Response 1 - Miya Tajima-Simpson
1 - What are the likely consequences of airstrikes against ISIS for the balance of power in Syria?
Airstrikes in Syria have been carried out by the US-led coalition in an attempt to counter the spread of Islamic State (IS). While the strikes, which predominantly target Iraq, appear to have shown some success in stalling IS advances, many commentators (including a senior Pentagon planning officer) admit that the impact of strikes alone will be minimal in the long run. Meanwhile, ISIS could stand to benefit from the shifts in the balance of power that the airstrikes are instigating. There are two principal reasons for this.
First, the strikes are exactly the sign of aggression that ISIS will have hoped to provoke from the Western powers. The fact that they have succeeded in gaining a response will have boosted ISIS’s self-perception as a force to be reckoned with vis-à-vis the West and its allies. The strikes also indirectly boost the ability of ISIS to market itself as the only force willing (unlike the West) and able (unlike rebel forces in their current state) to take on the regime. The strength of will is critically important for the appeal of ISIS to the populations of the Arab states. For them, the ISIS-targeted strikes will strengthen a perception that Western priorities in the region are self-serving. For the US in particular, this is clearly reflected in the millions it has pledged on arming moderate rebel forces on the ground, compared to the estimated billions it looks likely to spend on airstrikes against ISIS. ISIS can therefore claim, more concretely, that it is the only serious force in this regional conflict, elevating its appeal to increasingly weary fighters on the ground.
Second, this warped sense of priorities hasn’t gone unnoticed by the rebel forces themselves, whose priority of defeating of the regime has become marginalized by the West’s battle against ISIS. The strategy of the US for tackling ISIS relies heavily on the support of rebels on the ground, and assumes that rebels will be willing to leave their regions and towns to ‘take the fight to ISIS’. However, without giving the rebels a good reason to do so, the US and their allies will be unable to rally the support they need to tackle the advancement of ISIS effectively. The result of this mismatch of priorities significantly reduces the ‘upside’ of working in US-vetted/backed alliances of rebel groups, whose focus is being drawn away from fighting the regime, to fighting ISIS. The wariness of rebel groups towards the US is compounded by the confusion on the ground caused by the US and the regime hitting the same targets (with the regime often continuing/escalating strikes after coalition strikes cease). This fuels sentiments that at best the coalition strikes are inadvertently helping the regime and at worst that they are conducted in direct collusion with the regime. This shows how the airstrikes have revealed a divergent set of goals on the one hand and muddied the waters of alliances on the other. This has the potential to fracture the opposition further and to discourage rebel forces from joining the moderate alliances working with the Western coalition. Again, ISIS stands to gain. As the debate surrounding the above continues amongst the opposition, ISIS retains a strategic clarity that allows it to pursue its goals, unabated by shifting alliances or conditional resource flows.

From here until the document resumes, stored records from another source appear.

(* Let $m,n\ge r\ge1$ and let $A\in\mathbb{R}^{m\times r}$, $B\in\mathbb{R}^{n\times r}$ be arbitrary. Then $$\left|\|AB^\top\|_*-\|A\|_F^2\right|\le\sqrt{\|A^\top A-B^\top B\|_*}\;\|A\|_*,$$ and in particular $$\left|\|AB^\top\|_*-\frac{\|A\|_F^2+\|B\|_F^2}{2}\right|\le\sqrt{\|A^\top A-B^\top B\|_*}\;\frac{\|A\|_*+\|B\|_*}{2}.$$
   Context: $\|\cdot\|_F$ is the Frobenius norm and $\|X\|_*=\operatorname{Tr}(\sqrt{XX^\top})$ the nuclear norm (sum of singular values). *)

From HB Require Import structures.
From mathcomp Require Import all_boot all_order all_algebra.
From mathcomp Require Import boolp classical_sets reals.
Set Implicit Arguments. Unset Strict Implicit. Unset Printing Implicit Defensive.
Import Order.TTheory GRing.Theory Num.Theory.
Local Open Scope ring_scope.

Definition psd (R : realType) (k : nat) (M : 'M[R]_k) : Prop :=
  M^T = M /\ forall v : 'cV[R]_k, 0 <= (v^T *m M *m v) 0 0.

(* the (principal) PSD square root of a PSD matrix M: the PSD S with S*S = M.
   (Chosen by classical choice; unique when M is PSD.) *)
Definition psd_sqrt (R : realType) (k : nat) (M : 'M[R]_k) : 'M[R]_k :=
  xget 0 [set S : 'M[R]_k | psd S /\ S *m S = M].

Definition nuc (R : realType) (p q : nat) (X : 'M[R]_(p, q)) : R :=
  \tr (psd_sqrt (X *m X^T)).

Definition frob (R : realType) (p q : nat) (X : 'M[R]_(p, q)) : R :=
  Num.sqrt (\sum_(i < p) \sum_(j < q) X i j ^+ 2).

At a more granular level, the crux of the balance of power in Syria lies in Aleppo, where the stakes for all parties are very high. Crisis group’s recent report on Syria highlights that the ground the rebels hold in Aleppo is the rebels’ most valuable asset. If the coalition strikes push ISIS out of Kobane, this could lead to a serious escalation of ISIS efforts in the countryside north of Aleppo. Without a serious ground defense from rebel forces to defend the territory they hold, ISIS would have a very real chance of overrunning them. The result of this, according to Crisis Group, would mean the de-facto defeat of the opposition and would render the chance of a negotiated solution hopeless. The war would continue, with ISIS absorbing rebel remnants and further stretching its reach across northern and eastern Syria.
2 - Should the crisis be used to attempt a new drive for a political power-sharing arrangement in Syria?
Before this question can be answered, a fundamental shift in the mindset of all the parties involved in the conflict has to occur: from war to peace. The appetite for a political process is inhibited by the immediacy of military challenges.
3 - Should the air campaign be turned, as Turkey urges, against the regime in order to force it into a transition?
The likelihood of this happening is very low. Turkey’s urging of the US-led coalition to turn airstrikes against the regime shows a clear reluctance to recognize the fundamental differences in the priorities of Turkey and the US.
It is worth noting here that Turkey has a track record of misjudging events in Syria, which manifests itself in a string of false assumptions: that the Syrian regime would reform; that it would quickly collapse soon after Turkey turned against it; that the West would topple the regime; that arming and funding rebel groups entering Syria would cause Assad to fall. All these assumptions have proven incorrect, but crucially we do not see that lessons have been learnt. Rather, Erdoğan and his advisers continue to form policy around how they hope things will turn out, rather than calculating what the likely outcomes would be.
The same is true of how they are approaching the handling of ISIS. Turkey perceives the threats emerging from the Syrian crisis in this order: the potential strengthening of the PKK is the most immediate, then Assad, then ISIS. For the US, the reverse is true. The US-led airstrikes on Syrian and Iraqi territory have the very specific aim of pursuing ISIS, which it sees as its primary threat. Furthermore, both Secretary of State John Kerry and Commander of US Central Command, General Lloyd Austin, have recently stated that the US operation in Syria is ‘peripheral’ to the operation in Iraq, where the primary focus of its counter-terrorist efforts will remain.
For the US and its allies to even consider targeting the Assad regime under the pretext of its counter-terrorism strategy it would have to be absolutely convinced 5 that there was clear and absolute causality between the survival of the regime and the spread of ISIS. Even then, it would be a complex process to transform a counter-terrorism mission into what could essentially lead to a Western-led military intervention to destabilize the regime (as in Libya) - and the reasons why this would be near impossible are well cited.
As a final point, whether or not the Assad regime and ISIS indirectly add fuel to each other’s fire, the two sides are fundamentally incompatible in the long run and, from the US’s perspective, the regime would undoubtedly come out as the lesser of two evils. It would therefore be imprudent for the US to launch an attack on the regime before the threat of ISIS had been eliminated and a credible opposition had stepped up to the table. As both of these preconditions are a long way off, the prospect of US-led military action against the regime would appear to be a very distant prospect.